-------- Source material
(* Let $\mathsf{K}$ be the variety of type $\langle\wedge,\vee,\neg,J_2,0,1\rangle$ axiomatised by: - $x\vee x\approx x$; - $x\vee y\approx y\vee x$; - $x\vee(y\vee z)\approx(x\vee y)\vee z$; - $\neg\neg x\approx x$; - $x\wedge y\approx\neg(\neg x\vee\neg y)$; - $x\wedge(\neg x\vee y)\approx x\wedge y$; - $0\vee x\approx x$; - $1\approx\neg0$; - $J_2x\vee\neg J_2x\approx1$; - $x\vee J_2y\approx x\vee J_2(x\vee y)$; - $x\wedge J_2x\approx x$; - $J_2(x\wedge\neg x)\approx0$. Then $\mathsf{K}$ satisfies: (1) $x\vee J_2x\approx x$; (2) $x\approx J_2x\vee(x\wedge\neg x)$; (3) $J_2J_2x\approx J_2x$; (4) $x\vee\neg J_2y\approx x\vee\neg J_2(x\vee y)$. *)

Record KAlg : Type := {
  carrier :> Type;
  meet : carrier -> carrier -> carrier;
  join : carrier -> carrier -> carrier;
  neg : carrier -> carrier;
  J2 : carrier -> carrier;
  zero : carrier;
  one : carrier;
  ax_join_idem : forall x, join x x = x;
  ax_join_comm : forall x y, join x y = join y x;
  ax_join_assoc : forall x y z, join x (join y z) = join (join x y) z;
  ax_neg_invol : forall x, neg (neg x) = x;
  ax_meet_def : forall x y, meet x y = neg (join (neg x) (neg y));
  ax_meet_negjoin : forall x y, meet x (join (neg x) y) = meet x y;
  ax_zero_join : forall x, join zero x = x;
  ax_one_def : one = neg zero;
  ax_J2_compl : forall x, join (J2 x) (neg (J2 x)) = one;
  ax_J2_join : forall x y, join x (J2 y) = join x (J2 (join x y));
  ax_meet_J2 : forall x, meet x (J2 x) = x;
  ax_J2_zero : forall x, J2 (meet x (neg x)) = zero
}.

(* The twelve identities make (A, ⊔, ¬, 0) an involutive join-semilattice in
   which ⊓ is the De Morgan dual of ⊔ and obeys the absorption law
   x ⊓ (¬x ⊔ y) = x ⊓ y together with its dual x ⊔ (¬x ⊓ y) = x ⊔ y.  Since
   J2 (x ⊓ ¬x) = 0, the J2-join axiom with y := x ⊓ ¬x gives (1).  Each J2 x is
   complemented, so ¬J2 x ⊓ x = ¬J2 x ⊓ J2 x ⊓ x = x ⊓ 0 = x ⊓ ¬x, and the dual
   absorption law turns x = J2 x ⊔ x into (2).  Applying (2) to the complemented
   element J2 x gives (3), and (4) is the J2-join axiom seen through the dual
   absorption law x ⊔ ¬b = x ⊔ ¬(x ⊔ b). *)


Section KAlgebraLaws.

Variable A : KAlg.

Local Notation "x ⊔ y" := (join A x y) (at level 50, left associativity).
Local Notation "x ⊓ y" := (meet A x y) (at level 40, left associativity).
Local Notation "¬ x" := (neg A x) (at level 35, right associativity).
Local Notation J := (J2 A).
Local Notation "0" := (zero A).
Local Notation "1" := (one A).

Lemma neg_join (x y : A) : ¬(x ⊔ y) = ¬x ⊓ ¬y.
Proof. now rewrite ax_meet_def, !ax_neg_invol. Qed.

Lemma neg_meet (x y : A) : ¬(x ⊓ y) = ¬x ⊔ ¬y.
Proof. now rewrite ax_meet_def, ax_neg_invol. Qed.

Lemma meet_comm (x y : A) : x ⊓ y = y ⊓ x.
Proof. now rewrite !ax_meet_def, ax_join_comm. Qed.

Lemma meet_assoc (x y z : A) : x ⊓ (y ⊓ z) = x ⊓ y ⊓ z.
Proof. now rewrite !ax_meet_def, !ax_neg_invol, ax_join_assoc. Qed.

Lemma join_zero_r (x : A) : x ⊔ 0 = x.
Proof. now rewrite ax_join_comm, ax_zero_join. Qed.

Lemma neg_one : ¬1 = 0.
Proof. now rewrite ax_one_def, ax_neg_invol. Qed.

Lemma join_neg_meet (x y : A) : x ⊔ (¬x ⊓ y) = x ⊔ y.
Proof.
  assert (H := ax_meet_negjoin A (¬x) (¬y)).
  rewrite ax_neg_invol in H.
  apply (f_equal (neg A)) in H.
  now rewrite !neg_meet, !ax_neg_invol, neg_join, ax_neg_invol in H.
Qed.

Lemma meet_neg_self (x : A) : x ⊓ ¬x = x ⊓ 0.
Proof. now rewrite <- (join_zero_r (¬x)), ax_meet_negjoin. Qed.

Lemma join_meet_neg_self (x : A) : x ⊔ (x ⊓ ¬x) = x.
Proof. now rewrite meet_comm, join_neg_meet, ax_join_idem. Qed.

Lemma join_neg_join (x y : A) : x ⊔ ¬y = x ⊔ ¬(x ⊔ y).
Proof. now rewrite neg_join, join_neg_meet. Qed.

Lemma J2_meet_neg_J2 (x : A) : J x ⊓ ¬J x = 0.
Proof. now rewrite ax_meet_def, ax_neg_invol, ax_join_comm, ax_J2_compl, neg_one. Qed.

Lemma join_J2_self (x : A) : x ⊔ J x = x.
Proof.
  assert (H := ax_J2_join A x (x ⊓ ¬x)).
  now rewrite join_meet_neg_self, ax_J2_zero, join_zero_r in H.
Qed.

Lemma neg_J2_meet_self (x : A) : ¬J x ⊓ x = x ⊓ ¬x.
Proof.
  rewrite meet_neg_self, <- (J2_meet_neg_J2 x), meet_assoc, ax_meet_J2.
  apply meet_comm.
Qed.

Lemma J2_join_meet_neg_self (x : A) : x = J x ⊔ (x ⊓ ¬x).
Proof.
  rewrite <- neg_J2_meet_self, join_neg_meet, ax_join_comm.
  now rewrite join_J2_self.
Qed.

Lemma J2_idem (x : A) : J (J x) = J x.
Proof.
  assert (H := J2_join_meet_neg_self (J x)).
  now rewrite J2_meet_neg_J2, join_zero_r in H.
Qed.

Lemma join_neg_J2 (x y : A) : x ⊔ ¬J y = x ⊔ ¬J (x ⊔ y).
Proof. now rewrite join_neg_join, ax_J2_join, <- join_neg_join. Qed.

End KAlgebraLaws.

Theorem lemma4p2 (A : KAlg) :
  (forall x : A, join A x (J2 A x) = x) /\
  (forall x : A, x = join A (J2 A x) (meet A x (neg A x))) /\
  (forall x : A, J2 A (J2 A x) = J2 A x) /\
  (forall x y : A, join A x (neg A (J2 A y)) = join A x (neg A (J2 A (join A x y)))).
Proof.
  repeat split.
  - apply join_J2_self.
  - apply J2_join_meet_neg_self.
  - apply J2_idem.
  - apply join_neg_J2.
Qed.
----------------
» Aim of the task
Please reproduce exactly the lines above, beginning with the first and ending with the line that contains "ax_one_def : one = neg zero;", and include nothing outside that range.

» Solution below
(* Let $\mathsf{K}$ be the variety of type $\langle\wedge,\vee,\neg,J_2,0,1\rangle$ axiomatised by: - $x\vee x\approx x$; - $x\vee y\approx y\vee x$; - $x\vee(y\vee z)\approx(x\vee y)\vee z$; - $\neg\neg x\approx x$; - $x\wedge y\approx\neg(\neg x\vee\neg y)$; - $x\wedge(\neg x\vee y)\approx x\wedge y$; - $0\vee x\approx x$; - $1\approx\neg0$; - $J_2x\vee\neg J_2x\approx1$; - $x\vee J_2y\approx x\vee J_2(x\vee y)$; - $x\wedge J_2x\approx x$; - $J_2(x\wedge\neg x)\approx0$. Then $\mathsf{K}$ satisfies: (1) $x\vee J_2x\approx x$; (2) $x\approx J_2x\vee(x\wedge\neg x)$; (3) $J_2J_2x\approx J_2x$; (4) $x\vee\neg J_2y\approx x\vee\neg J_2(x\vee y)$. *)

Record KAlg : Type := {
  carrier :> Type;
  meet : carrier -> carrier -> carrier;
  join : carrier -> carrier -> carrier;
  neg : carrier -> carrier;
  J2 : carrier -> carrier;
  zero : carrier;
  one : carrier;
  ax_join_idem : forall x, join x x = x;
  ax_join_comm : forall x y, join x y = join y x;
  ax_join_assoc : forall x y z, join x (join y z) = join (join x y) z;
  ax_neg_invol : forall x, neg (neg x) = x;
  ax_meet_def : forall x y, meet x y = neg (join (neg x) (neg y));
  ax_meet_negjoin : forall x y, meet x (join (neg x) y) = meet x y;
  ax_zero_join : forall x, join zero x = x;
  ax_one_def : one = neg zero;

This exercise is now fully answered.